See Definition.hs of the SuppliersPartsDB for a way to do this properly.

assign against a newly defined relvar initializes it in the file system, and will create a file relative to the directory the interpreter is run from.

*Database.HaskRel.RDBMS> pt baz
┌─────────────┬────────────────┐
│ asdf :: Int │ qwer :: String │
╞═════════════╪════════════════╡
└─────────────┴────────────────┘
*Database.HaskRel.RDBMS> insert baz foo
Inserted 2 of 2 tuples into baz.rv
*Database.HaskRel.RDBMS> pt baz
┌─────────────┬────────────────┐
│ asdf :: Int │ qwer :: String │
╞═════════════╪════════════════╡
│ 10          │ foo            │
│ 20          │ bar            │
└─────────────┴────────────────┘
*Database.HaskRel.RDBMS> insert baz ( relation [rTuple ((Label::Label "asdf") .=. 30, (Label::Label "qwer") .=. "frotz")] )
Inserted 1 of 1 tuples into baz.rv
*Database.HaskRel.RDBMS> pt baz
┌─────────────┬────────────────┐
│ asdf :: Int │ qwer :: String │
╞═════════════╪════════════════╡
│ 10          │ foo            │
│ 20          │ bar            │
│ 30          │ frotz          │
└─────────────┴────────────────┘

Concise expression of updates require a set of language extensions (this in addition to DataKinds, which this module enables by default):

*Database.HaskRel.RDBMS> :set -XQuasiQuotes -XKindSignatures -XViewPatterns
*Database.HaskRel.RDBMS> update baz (\ [pun|asdf|] -> asdf > 15 ) (\ [pun|qwer|] -> case (qwer ++ "-new") of (qwer) -> [pun|qwer|])
Updated 2 of 3 tuples in baz.rv
*Database.HaskRel.RDBMS> pt baz
┌─────────────┬────────────────┐
│ asdf :: Int │ qwer :: String │
╞═════════════╪════════════════╡
│ 10          │ foo            │
│ 20          │ bar-new        │
│ 30          │ frotz-new      │
└─────────────┴────────────────┘

All functions of the relational algebra that HaskRel implement work against both relation constants and relvars, as do the print functions p and pt:

*Database.HaskRel.RDBMS> p$ baz `nJoin` bar
┌──────┬───────────┬──────┐
│ asdf │ qwer      │ zxcv │
╞══════╪═══════════╪══════╡
│ 10   │ foo       │ one  │
│ 30   │ frotz-new │ two  │
└──────┴───────────┴──────┘

Contributions

While contributions to HaskRel itself would be great, the limiting factors for HaskRel to develop further, let alone be usable, is in its foundations.
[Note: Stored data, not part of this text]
Lemma index_dist_triangle x y z : index_dist x z <= index_dist x y + index_dist y z.
Proof.
  pose proof (index_dist_nonneg x y). pose proof (index_dist_nonneg y z).
  destruct (index_dist_cases x z) as [[-> _]|[n [-> [Tn _]]]]; [lra|].
  assert (Hfar : forall u v, T n u v -> ~ index_dist u v < half_pow n).
  { intros u v Tuv. rewrite index_dist_lt_iff. intros Hnot. exact (Hnot n (le_n n) Tuv). }
  destruct (T_cotrans n x y z Tn) as [Txy|Tyz].
  - pose proof (Hfar _ _ Txy). lra.
  - pose proof (Hfar _ _ Tyz). lra.
Qed.

Lemma index_dist_quasi_metric :
  (forall x y, (forall n, ~ T n x y) -> (forall n, ~ T n y x) -> x = y) ->
  is_quasi_metric index_dist.
Proof.
  intros Hsep. split; [|split; [|split]].
  - apply index_dist_nonneg.
  - apply index_dist_refl.
  - intros x y Hxy Hyx. apply Hsep; apply index_dist_eq0; assumption.
  - apply index_dist_triangle.
Qed.

End FirstIndexDistance.

Section Earlier.

Context {P : Type} (f : P -> nat).

Lemma exists_least_rank (A : P -> Prop) :
  (exists s, A s) -> exists s, A s /\ forall s', A s' -> (f s <= f s')%nat.
Proof.
  intros [s As].
  destruct (exists_least (fun n => exists s, A s /\ f s = n)) as [n [[s0 [As0 <-]] Hmin]].
  - exists (f s), s. auto.
  - exists s0. split; [exact As0|]. intros s' As'. apply Hmin. eauto.
Qed.

Definition earlier (Q F G : P -> Prop) : Prop :=
  exists s, F s /\ Q s /\ forall s', G s' -> Q s' -> (f s < f s')%nat.

Lemma earlier_irrefl Q F : ~ earlier Q F F.
Proof. intros [s [Fs [Qs Hs]]]. specialize (Hs s Fs Qs). lia. Qed.

Lemma not_earlier_iff Q F G :
  ~ earlier Q F G <->
  forall s, F s -> Q s -> exists s', G s' /\ Q s' /\ (f s' <= f s)%nat.
Proof.
  split.
  - intros Hne s Fs Qs. apply NNPP; intros Hnone. apply Hne.
    exists s. repeat split; auto. intros s' Gs' Qs'.
    destruct (Nat.lt_ge_cases (f s) (f s')) as [Hlt|Hge]; [exact Hlt|].
    exfalso; apply Hnone; eauto.
  - intros H [s [Fs [Qs Hs]]]. destruct (H s Fs Qs) as [s' [Gs' [Qs' Hle]]].
    specialize (Hs s' Gs' Qs'). lia.
Qed.

Lemma earlier_cotrans Q F G H : earlier Q F H -> earlier Q F G \/ earlier Q G H.
Proof.
  intros HFH. destruct (classic (earlier Q F G)) as [HFG|HFG]; [left; exact HFG|right].
  destruct HFH as [s [Fs [Qs Hs]]].
  destruct (proj1 (not_earlier_iff Q F G) HFG s Fs Qs) as [s' [Gs' [Qs' Hle]]].
  exists s'. repeat split; [exact Gs'|exact Qs'|].
  intros s'' Hs'' Qs''. specialize (Hs s'' Hs'' Qs''). lia.
Qed.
The most interesting work that could be done with HaskRel is to go through it and find points where Haskell or its ecosystem could be improved to the benefit of both HaskRel and other projects, and focus development efforts on that. The two most important libraries that HaskRel builds on are HList and Data.Set; efforts towards improving them or arguments towards replacing them would be beneficial.

Making HaskRel usable for practical purposes is not on the horizon, but it may be possible to improve it further towards being a demonstrator of the relational model. A list of "things Haskell/GHC needs in order to qualify as a first class RDBMS" would also be a fun list to have, even if there isn't a chance of it happening.